И тут наконец заговорила сама Галина Дмитриевна. Ее голос
звучал ровно, спокойно, очень тихо, даже пришлось увеличить звук.
– Феликс Нечаев не психолог. Зачем он говорит не правду? –
произнесла она, ни к кому конкретно не обращаясь.
– Это вы о ком? – удивилась нянечка.
– Итак, подведем некоторые итоги, – затараторил тенор,
вероятно, принадлежавший ведущему, – наша сегодняшняя тема “Принципиальный
холостяк”. Наш герой утверждает, что изучил разные типы женщин и не хочет
жениться, поскольку ни один из этих типов его не удовлетворяет.
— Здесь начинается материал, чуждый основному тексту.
Lemma W_lim_Rad : filterlim W (at_left Rad) (locally 0).
Proof.
  assert (Hext : forall (k : R) f, (forall r, 0 < r < Rad -> r <> r0 ->
      radial_eq_at (sigma alpha kappa r0 r) (mstar kappa r0 r) lam k f r) ->
      forall r, r0 < r < Rad -> radial_eq_at 1 0 lam k f r).
  { intros k f Hf r Hr. specialize (Hf r ltac:(lra) ltac:(lra)).
    now rewrite sigma_out, mstar_out in Hf by lra. }
  destruct (radial_flux_bounded_at_left 1 0 lam 0 r0 Rad u ltac:(lra) ltac:(lra)
    (Hext 0 u u_radial) u_lim_Rad) as [Cu HCu].
  destruct (radial_flux_bounded_at_left 1 0 lam 1 r0 Rad z ltac:(lra) ltac:(lra)
    (Hext 1 z z_radial) z_lim_Rad) as [Cz HCz].
  apply (lim_0_of_dominated u z W (Rabs Cz + Rabs Cu) u_lim_Rad z_lim_Rad).
  generalize (filter_and _ _ (filter_and _ _ HCu HCz)
    (at_left_of_interval r0 Rad (fun t => r0 < t) r0_lt_Rad (fun t Ht => proj1 Ht))).
  apply filter_imp. intros t [[Hu Hz] Ht].
  unfold W. rewrite sigma_out by lra.
  replace (t * (u t * (1 * Derive z t) - z t * (1 * Derive u t)))
    with (u t * (t * Derive z t) - z t * (t * Derive u t)) by ring.
  eapply Rle_trans; [apply Rabs_triang|].
  rewrite Rabs_Ropp, (Rabs_mult (u t)), (Rabs_mult (z t)).
  pose proof (Rabs_pos (u t)). pose proof (Rabs_pos (z t)).
  pose proof (Rle_abs Cu). pose proof (Rle_abs Cz).
  pose proof (Rabs_pos Cu). pose proof (Rabs_pos Cz). nra.
Qed.

Lemma system_in t : 0 < t < r0 ->
  is_derive q t (P t * W t) /\ is_derive W t (Q t * q t) /\ 0 < P t /\ 0 < Q t.
Proof.
  intros Ht. split; [|split; [|split]];
    [apply q_derive | apply W_derive | apply P_pos | apply Q_pos]; lra.
Qed.

Lemma system_out t : r0 < t < Rad ->
  is_derive q t (P t * W t) /\ is_derive W t (Q t * q t) /\ 0 < P t /\ 0 < Q t.
Proof.
  intros Ht. split; [|split; [|split]];
    [apply q_derive | apply W_derive | apply P_pos | apply Q_pos]; lra.
Qed.

Lemma q_neg_of_z_neg t : 0 <= t < Rad -> z t < 0 -> q t < 0.
Proof. intros Ht Hz. pose proof (u_pos t Ht). unfold q. apply Rdiv_neg_pos; lra. Qed.

Lemma left_limits_neg_of_z_neg_inside r1 :
  0 < r1 < r0 -> z r1 < 0 -> zi < 0 /\ r0 * (u r0 * szi - zi * di) < 0.
Proof.
  intros Hr1 Hz1. pose proof (q_neg_of_z_neg r1 ltac:(lra) Hz1) as Hq1.
  destruct (Rle_lt_dec (W r1) 0) as [HW | HW].
  - pose proof (sign_forward 0 r0 q W P Q system_in r1 Hr1 Hq1 HW) as F.
    set (r2 := (r1 + r0) / 2).
    assert (Hq : forall y, r1 <= y < r0 -> z y <= q r1 * u y).
    { intros y Hy. rewrite z_eq_q_u by lra. pose proof (u_pos y ltac:(lra)).
      enough (q y <= q r1) by nra.
      apply (q_le_of_W_nonpos 0 r0 q W P Q system_in); try lra.
      intros t Ht. destruct (Req_dec t r1) as [-> | ]; [lra|]. apply Rlt_le, F. lra. }
    split.
    + enough (zi <= q r1 * u r0) by (pose proof (u_pos r0 ltac:(lra)); nra).
      apply (lim_le_scaled (at_left r0) z u); [exact z_lim_left | now apply continuous_at_left|].
      apply (at_left_of_interval r1 r0); [lra|]. intros y Hy. apply Hq. lra.
    + enough (r0 * (u r0 * szi - zi * di) <= W r2)
        by (pose proof (F r2 ltac:(unfold r2; lra)); lra).
      apply (lim_le_of_ev _ W _ _ W_lim_left).
      apply (at_left_of_interval r2 r0); [unfold r2; lra|]. intros y Hy.
      apply (W_le_of_q_nonpos 0 r0 q W P Q system_in); try (unfold r2 in *; lra).
      intros t Ht. apply Rlt_le, F. unfold r2 in *. lra.
  - exfalso. pose proof (sign_backward 0 r0 q W P Q system_in r1 Hr1 Hq1 (Rlt_le _ _ HW)) as B.
    enough (0 <= q r1 * u 0) by (pose proof (u_pos 0 ltac:(lra)); nra).
    apply (lim_le_scaled (at_right 0) z u); [exact z_lim_0 | exact u_lim_0 |].
    apply (at_right_of_interval 0 r1); [lra|]. intros y Hy.
    rewrite z_eq_q_u by lra. pose proof (u_pos y ltac:(lra)).
    enough (q y <= q r1) by nra.
    apply (q_ge_of_W_nonneg 0 r0 q W P Q system_in); try lra.
    intros t Ht. destruct (Req_dec t r1) as [-> | ]; [lra|]. apply Rlt_le, B. lra.
Qed.

Lemma not_z_neg_W_nonpos_out r1 :
  r0 < r1 < Rad -> z r1 < 0 -> W r1 <= 0 -> False.
Proof.
  intros Hr1 Hz1 HW.
  pose proof (sign_forward r0 Rad q W P Q system_out r1 Hr1
    (q_neg_of_z_neg r1 ltac:(lra) Hz1) HW) as F.
  set (r2 := (r1 + Rad) / 2).
  enough (0 <= W r2) by (pose proof (F r2 ltac:(unfold r2; lra)); lra).
  apply (lim_le_of_ev _ W _ _ W_lim_Rad).
  apply (at_left_of_interval r2 Rad); [unfold r2; lra|]. intros y Hy.
  apply (W_le_of_q_nonpos r0 Rad q W P Q system_out); try (unfold r2 in *; lra).
  intros t Ht. apply Rlt_le, F. unfold r2 in *. lra.
Qed.

Lemma z_nonneg_out_of_ze_nonneg : 0 <= ze -> forall r, r0 < r < Rad -> 0 <= z r.
Proof.
  intros Hze r1 Hr1. destruct (Rle_lt_dec 0 (z r1)) as [| Hz1]; auto; exfalso.
  destruct (Rle_lt_dec (W r1) 0) as [HW | HW].
  { exact (not_z_neg_W_nonpos_out r1 Hr1 Hz1 HW). }
  pose proof (q_neg_of_z_neg r1 ltac:(lra) Hz1) as Hq1.
  pose proof (sign_backward r0 Rad q W P Q system_out r1 Hr1 Hq1 (Rlt_le _ _ HW)) as B.
  enough (ze <= q r1 * u r0) by (pose proof (u_pos r0 ltac:(lra)); nra).
  apply (lim_le_scaled (at_right r0) z u); [exact z_lim_right | now apply continuous_at_right|].
  apply (at_right_of_interval r0 r1); [lra|]. intros y Hy.
  rewrite z_eq_q_u by lra. pose proof (u_pos y ltac:(lra)).
  enough (q y <= q r1) by nra.
  apply (q_ge_of_W_nonneg r0 Rad q W P Q system_out); try lra.
  intros t Ht. destruct (Req_dec t r1) as [-> | ]; [lra|]. apply Rlt_le, B. lra.
Qed.

Lemma W_nonpos_out : 0 <= ze -> forall r, r0 < r < Rad -> W r <= 0.
Proof.
  intros Hze r Hr.
  enough (W r <= 0 - 0 * (Rad - r)) by lra.
  apply (deriv_ge_lim_right W (fun t => Q t * q t) r0 Rad
           (W_derive_on r0 Rad q W P Q system_out)); [| exact W_lim_Rad | lra].
  intros t Ht. pose proof (Q_pos t ltac:(lra)).
  pose proof (z_nonneg_out_of_ze_nonneg Hze t Ht). pose proof (u_pos t ltac:(lra)).
  assert (0 <= q t) by (unfold q; apply Rdiv_le_0_compat; lra). nra.
Qed.

Lemma z_le_ze_out : 0 <= ze -> forall r, r0 < r < Rad -> z r <= ze.
Proof.
  intros Hze r Hr.
  pose proof (u_pos r ltac:(lra)). pose proof (u_pos r0 ltac:(lra)).
  assert (Hqr : q r * u r0 <= ze).
  { apply (lim_ge_scaled (at_right r0) z u); [exact z_lim_right | now apply continuous_at_right|].
    apply (at_right_of_interval r0 r); [lra|]. intros y Hy.
    rewrite z_eq_q_u by lra. pose proof (u_pos y ltac:(lra)).
    enough (q r <= q y) by nra.
    apply (q_le_of_W_nonpos r0 Rad q W P Q system_out); try lra.
    intros t Ht. apply W_nonpos_out; lra. }
  pose proof (z_nonneg_out_of_ze_nonneg Hze r Hr).
  assert (0 <= q r) by (unfold q; apply Rdiv_le_0_compat; lra).
  pose proof (u_le_u_r0_out r Hr).
  rewrite z_eq_q_u by lra. nra.
Qed.

Lemma W_lim_right_lower_bound :
  0 <= ze -> - (u r0 * ze / r0) * (Rad - r0) <= r0 * (u r0 * sze - ze * di).
Proof.
  intros Hze.
  enough (0 - r0 * (u r0 * sze - ze * di) <= u r0 * ze / r0 * (Rad - r0)) by lra.
  apply (deriv_le_lim_both W (fun t => Q t * q t) r0 Rad
           (W_derive_on r0 Rad q W P Q system_out)); [lra | | exact W_lim_right | exact W_lim_Rad].
  intros t Ht. pose proof (u_pos t ltac:(lra)). pose proof (u_pos r0 ltac:(lra)).
  pose proof (z_nonneg_out_of_ze_nonneg Hze t Ht). pose proof (z_le_ze_out Hze t Ht).
  pose proof (u_le_u_r0_out t Ht).
  replace (Q t * q t) with (u t * z t / t) by (unfold Q, q; field; lra).
  apply (Rmult_le_reg_r (t * r0)); [nra|].
  replace (u t * z t / t * (t * r0)) with (u t * z t * r0) by (field; lra).
  replace (u r0 * ze / r0 * (t * r0)) with (u r0 * ze * t) by (field; lra).
  assert (u t * z t <= u r0 * ze) by (apply Rmult_le_compat; lra).
  assert (0 <= u t * z t) by nra. nra.
Qed.

Lemma dui_eq : dui = di / si.
Proof.
  pose proof si_ge_1.
  apply (lim_unique (at_left r0) (Derive u)); [exact du_left|].
  apply (filterlim_ext_loc (fun t => / si * (sigma alpha kappa r0 t * Derive u t))).
  - apply (at_left_of_interval 0 r0); [lra|]. intros t Ht.
    rewrite sigma_in by lra. unfold si in *. field. lra.
  - replace (di / si) with (/ si * di) by (unfold Rdiv; ring).
    apply lim_mult; [apply filterlim_const | exact sigma_du_left].
Qed.

Lemma due_eq : due = di.
Proof.
  apply (lim_unique (at_right r0) (Derive u)); [exact du_right|].
  rewrite <- sigma_du_continuous.
  apply (filterlim_ext_loc (fun t => sigma alpha kappa r0 t * Derive u t)); [|exact sigma_du_right].
  apply (at_right_of_interval r0 Rad); [lra|]. intros t Ht.
  rewrite sigma_out by lra. ring.
Qed.

Let tau := alpha * kappa / si.

Lemma tau_bounds : 0 <= tau <= alpha * kappa.
Proof.
  pose proof si_ge_1. unfold tau. split.
  - apply Rdiv_le_0_compat; nra.
  - apply (Rmult_le_reg_r si); [lra|]. unfold Rdiv.
    rewrite Rmult_assoc, Rinv_l by lra.
    assert (0 <= alpha * kappa) by nra. nra.
Qed.

Lemma ze_eq : ze = zi - di * tau.
Proof.
  pose proof si_ge_1. rewrite dui_eq, due_eq in z_jump.
  unfold tau. unfold si in *.
  replace (zi - di * (alpha * kappa / (1 + alpha * kappa)))
    with (zi - (di - di / (1 + alpha * kappa))) by (field; lra). lra.
Qed.

Lemma W_jump : r0 * (u r0 * sze - ze * di)
  = r0 * (u r0 * szi - zi * di) + r0 * (di ^ 2 * tau - kappa * u r0 ^ 2).
Proof.
  replace sze with (szi - kappa * u r0) by lra. rewrite ze_eq. ring.
Qed.

Hypothesis alpha_le_bar : alpha <= alpha_bar Rad kappa r0.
Что скажут наши
зрители? Пожалуйста! Вот вы, девушка!
– Если ему никто не нравится, зачем он вообще лезет? –
звонко заявила невидимая девушка.
Последовал общий смех.
– Знаете что, милая девушка, – обиженно пропел бас, – я вам
могу сказать как профессиональный психолог, что у вас очень серьезные
комплексы.
– Феликс не психолог, – повторила Галина Дмитриевна чуть
громче, – он закончил заочное отделение областного педагогического института. А
до этого служил в армии, строил генеральские дачи под Москвой.
– Что вы говорите? Я не поняла… – удивленно переспросила
нянька.
– Сначала мы взяли его на договор, курьером. Потом он стал
младшим редактором. Он пунктуален, аккуратен, никогда ничего не забывает, умеет
наводить порядок в бумагах и документах.
– Галина Дмитриевна! Вам нехорошо? – испугалась нянька. – Может,
доктора позвать?
– Нет, Рая, не волнуйтесь, – больная глубоко вздохнула и
закрыла глаза, – можете переключать на свою “Дикую Розу” или вообще выключить.
И пожалуйста, опустите мою койку, я посплю.